*PROMPT*:
Repeat precisely the span of lines below that opens with the line containing "Lemma endpow_slide (g" and closes with the line containing "via (M ∘ W^[n]", both included.

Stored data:
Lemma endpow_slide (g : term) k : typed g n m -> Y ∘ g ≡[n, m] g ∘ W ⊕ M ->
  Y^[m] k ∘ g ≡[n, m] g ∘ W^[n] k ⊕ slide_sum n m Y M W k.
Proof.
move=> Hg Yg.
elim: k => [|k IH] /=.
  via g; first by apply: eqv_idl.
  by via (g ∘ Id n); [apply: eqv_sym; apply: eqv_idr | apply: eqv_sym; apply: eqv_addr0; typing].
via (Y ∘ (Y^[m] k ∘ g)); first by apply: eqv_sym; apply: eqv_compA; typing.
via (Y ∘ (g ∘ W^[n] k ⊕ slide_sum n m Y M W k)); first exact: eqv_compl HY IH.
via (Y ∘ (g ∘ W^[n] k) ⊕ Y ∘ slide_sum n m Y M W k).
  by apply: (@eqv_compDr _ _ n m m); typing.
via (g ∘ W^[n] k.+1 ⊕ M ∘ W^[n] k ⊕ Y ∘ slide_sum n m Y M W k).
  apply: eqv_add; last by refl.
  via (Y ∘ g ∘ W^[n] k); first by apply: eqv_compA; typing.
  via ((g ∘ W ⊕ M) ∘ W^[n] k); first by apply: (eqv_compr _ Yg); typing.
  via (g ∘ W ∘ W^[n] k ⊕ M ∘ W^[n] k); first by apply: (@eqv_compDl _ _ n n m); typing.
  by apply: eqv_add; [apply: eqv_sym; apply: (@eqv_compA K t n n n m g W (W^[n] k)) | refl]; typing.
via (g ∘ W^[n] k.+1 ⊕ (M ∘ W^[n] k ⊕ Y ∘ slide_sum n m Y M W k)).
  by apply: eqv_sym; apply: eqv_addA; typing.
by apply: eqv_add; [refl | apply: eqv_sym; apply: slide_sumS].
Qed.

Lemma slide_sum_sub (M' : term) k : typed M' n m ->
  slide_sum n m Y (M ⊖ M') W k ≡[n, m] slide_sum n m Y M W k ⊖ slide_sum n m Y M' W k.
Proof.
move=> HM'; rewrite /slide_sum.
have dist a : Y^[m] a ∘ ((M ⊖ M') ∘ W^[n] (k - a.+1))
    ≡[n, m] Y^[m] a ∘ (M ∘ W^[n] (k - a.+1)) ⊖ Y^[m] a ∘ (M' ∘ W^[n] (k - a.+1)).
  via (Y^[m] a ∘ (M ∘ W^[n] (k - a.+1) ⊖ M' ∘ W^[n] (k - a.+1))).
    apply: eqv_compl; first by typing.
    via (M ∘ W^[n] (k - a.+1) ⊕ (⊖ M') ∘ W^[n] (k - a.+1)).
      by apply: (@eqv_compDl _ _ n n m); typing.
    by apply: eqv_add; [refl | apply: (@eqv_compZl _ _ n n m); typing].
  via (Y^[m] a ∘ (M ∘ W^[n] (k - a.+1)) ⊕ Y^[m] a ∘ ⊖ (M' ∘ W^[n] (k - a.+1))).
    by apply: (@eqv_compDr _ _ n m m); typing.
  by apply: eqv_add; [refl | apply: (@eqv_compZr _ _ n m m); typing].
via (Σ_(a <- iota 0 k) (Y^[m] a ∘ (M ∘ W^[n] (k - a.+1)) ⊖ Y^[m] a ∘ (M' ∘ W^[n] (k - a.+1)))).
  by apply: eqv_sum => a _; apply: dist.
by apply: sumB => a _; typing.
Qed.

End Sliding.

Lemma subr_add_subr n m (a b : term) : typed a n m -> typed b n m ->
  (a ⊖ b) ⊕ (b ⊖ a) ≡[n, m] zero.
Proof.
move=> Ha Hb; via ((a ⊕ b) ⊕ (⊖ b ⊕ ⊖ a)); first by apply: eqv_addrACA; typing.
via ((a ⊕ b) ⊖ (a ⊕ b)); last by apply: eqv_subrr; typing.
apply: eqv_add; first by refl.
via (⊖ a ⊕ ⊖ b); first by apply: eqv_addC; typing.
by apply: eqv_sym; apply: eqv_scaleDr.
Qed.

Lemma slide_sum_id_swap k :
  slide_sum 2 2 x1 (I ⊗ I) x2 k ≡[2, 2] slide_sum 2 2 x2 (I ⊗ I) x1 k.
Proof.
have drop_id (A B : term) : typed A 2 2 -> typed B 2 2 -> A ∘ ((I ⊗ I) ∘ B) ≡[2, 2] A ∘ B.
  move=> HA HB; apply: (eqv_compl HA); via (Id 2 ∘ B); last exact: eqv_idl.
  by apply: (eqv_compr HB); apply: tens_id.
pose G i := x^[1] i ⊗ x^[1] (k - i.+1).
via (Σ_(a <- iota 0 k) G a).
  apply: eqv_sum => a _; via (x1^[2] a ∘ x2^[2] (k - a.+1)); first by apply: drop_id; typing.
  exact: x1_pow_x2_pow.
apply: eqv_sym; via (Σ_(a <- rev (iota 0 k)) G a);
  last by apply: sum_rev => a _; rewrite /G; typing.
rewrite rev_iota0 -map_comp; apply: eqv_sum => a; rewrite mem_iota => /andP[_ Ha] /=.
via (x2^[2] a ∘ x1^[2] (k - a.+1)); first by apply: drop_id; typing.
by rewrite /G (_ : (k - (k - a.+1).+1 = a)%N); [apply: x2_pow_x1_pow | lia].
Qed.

==

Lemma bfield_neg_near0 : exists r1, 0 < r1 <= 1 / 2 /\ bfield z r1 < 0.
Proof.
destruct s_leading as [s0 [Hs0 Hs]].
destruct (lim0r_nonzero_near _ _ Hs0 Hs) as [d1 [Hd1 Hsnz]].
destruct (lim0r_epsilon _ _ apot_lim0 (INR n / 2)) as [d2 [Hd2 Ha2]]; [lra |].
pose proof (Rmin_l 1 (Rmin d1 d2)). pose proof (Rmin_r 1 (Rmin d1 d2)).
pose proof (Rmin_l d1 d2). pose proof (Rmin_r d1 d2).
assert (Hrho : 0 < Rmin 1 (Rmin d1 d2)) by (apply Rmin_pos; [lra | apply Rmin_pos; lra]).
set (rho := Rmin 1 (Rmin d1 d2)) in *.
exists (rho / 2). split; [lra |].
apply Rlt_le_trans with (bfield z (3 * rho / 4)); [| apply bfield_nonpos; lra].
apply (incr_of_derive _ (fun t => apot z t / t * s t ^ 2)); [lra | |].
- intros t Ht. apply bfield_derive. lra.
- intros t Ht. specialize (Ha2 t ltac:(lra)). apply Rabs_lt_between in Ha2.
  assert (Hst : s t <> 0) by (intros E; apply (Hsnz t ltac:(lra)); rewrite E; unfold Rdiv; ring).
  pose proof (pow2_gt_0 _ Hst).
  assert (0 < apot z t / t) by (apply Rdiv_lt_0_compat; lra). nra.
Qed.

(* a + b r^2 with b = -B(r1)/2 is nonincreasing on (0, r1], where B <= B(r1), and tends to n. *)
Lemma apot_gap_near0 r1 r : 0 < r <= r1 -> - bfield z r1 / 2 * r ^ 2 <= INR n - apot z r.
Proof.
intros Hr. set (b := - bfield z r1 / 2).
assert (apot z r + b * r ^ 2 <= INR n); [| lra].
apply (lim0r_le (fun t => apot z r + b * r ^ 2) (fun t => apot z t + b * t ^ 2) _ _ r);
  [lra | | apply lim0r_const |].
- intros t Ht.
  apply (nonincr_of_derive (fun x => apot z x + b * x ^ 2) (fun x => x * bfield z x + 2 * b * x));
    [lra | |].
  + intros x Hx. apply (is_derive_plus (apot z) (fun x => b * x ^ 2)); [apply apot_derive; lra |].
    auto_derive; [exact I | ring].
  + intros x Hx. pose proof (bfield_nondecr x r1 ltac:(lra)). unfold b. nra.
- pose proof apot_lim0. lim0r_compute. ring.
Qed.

*SOLUTION TO THIS PROBLEM*:
Lemma endpow_slide (g : term) k : typed g n m -> Y ∘ g ≡[n, m] g ∘ W ⊕ M ->
  Y^[m] k ∘ g ≡[n, m] g ∘ W^[n] k ⊕ slide_sum n m Y M W k.
Proof.
move=> Hg Yg.
elim: k => [|k IH] /=.
  via g; first by apply: eqv_idl.
  by via (g ∘ Id n); [apply: eqv_sym; apply: eqv_idr | apply: eqv_sym; apply: eqv_addr0; typing].
via (Y ∘ (Y^[m] k ∘ g)); first by apply: eqv_sym; apply: eqv_compA; typing.
via (Y ∘ (g ∘ W^[n] k ⊕ slide_sum n m Y M W k)); first exact: eqv_compl HY IH.
via (Y ∘ (g ∘ W^[n] k) ⊕ Y ∘ slide_sum n m Y M W k).
  by apply: (@eqv_compDr _ _ n m m); typing.
via (g ∘ W^[n] k.+1 ⊕ M ∘ W^[n] k ⊕ Y ∘ slide_sum n m Y M W k).
  apply: eqv_add; last by refl.
  via (Y ∘ g ∘ W^[n] k); first by apply: eqv_compA; typing.
  via ((g ∘ W ⊕ M) ∘ W^[n] k); first by apply: (eqv_compr _ Yg); typing.
  via (g ∘ W ∘ W^[n] k ⊕ M ∘ W^[n] k); first by apply: (@eqv_compDl _ _ n n m); typing.
  by apply: eqv_add; [apply: eqv_sym; apply: (@eqv_compA K t n n n m g W (W^[n] k)) | refl]; typing.
via (g ∘ W^[n] k.+1 ⊕ (M ∘ W^[n] k ⊕ Y ∘ slide_sum n m Y M W k)).
  by apply: eqv_sym; apply: eqv_addA; typing.
by apply: eqv_add; [refl | apply: eqv_sym; apply: slide_sumS].
Qed.

Lemma slide_sum_sub (M' : term) k : typed M' n m ->
  slide_sum n m Y (M ⊖ M') W k ≡[n, m] slide_sum n m Y M W k ⊖ slide_sum n m Y M' W k.
Proof.
move=> HM'; rewrite /slide_sum.
have dist a : Y^[m] a ∘ ((M ⊖ M') ∘ W^[n] (k - a.+1))
    ≡[n, m] Y^[m] a ∘ (M ∘ W^[n] (k - a.+1)) ⊖ Y^[m] a ∘ (M' ∘ W^[n] (k - a.+1)).
  via (Y^[m] a ∘ (M ∘ W^[n] (k - a.+1) ⊖ M' ∘ W^[n] (k - a.+1))).
    apply: eqv_compl; first by typing.
    via (M ∘ W^[n] (k - a.+1) ⊕ (⊖ M') ∘ W^[n] (k - a.+1)).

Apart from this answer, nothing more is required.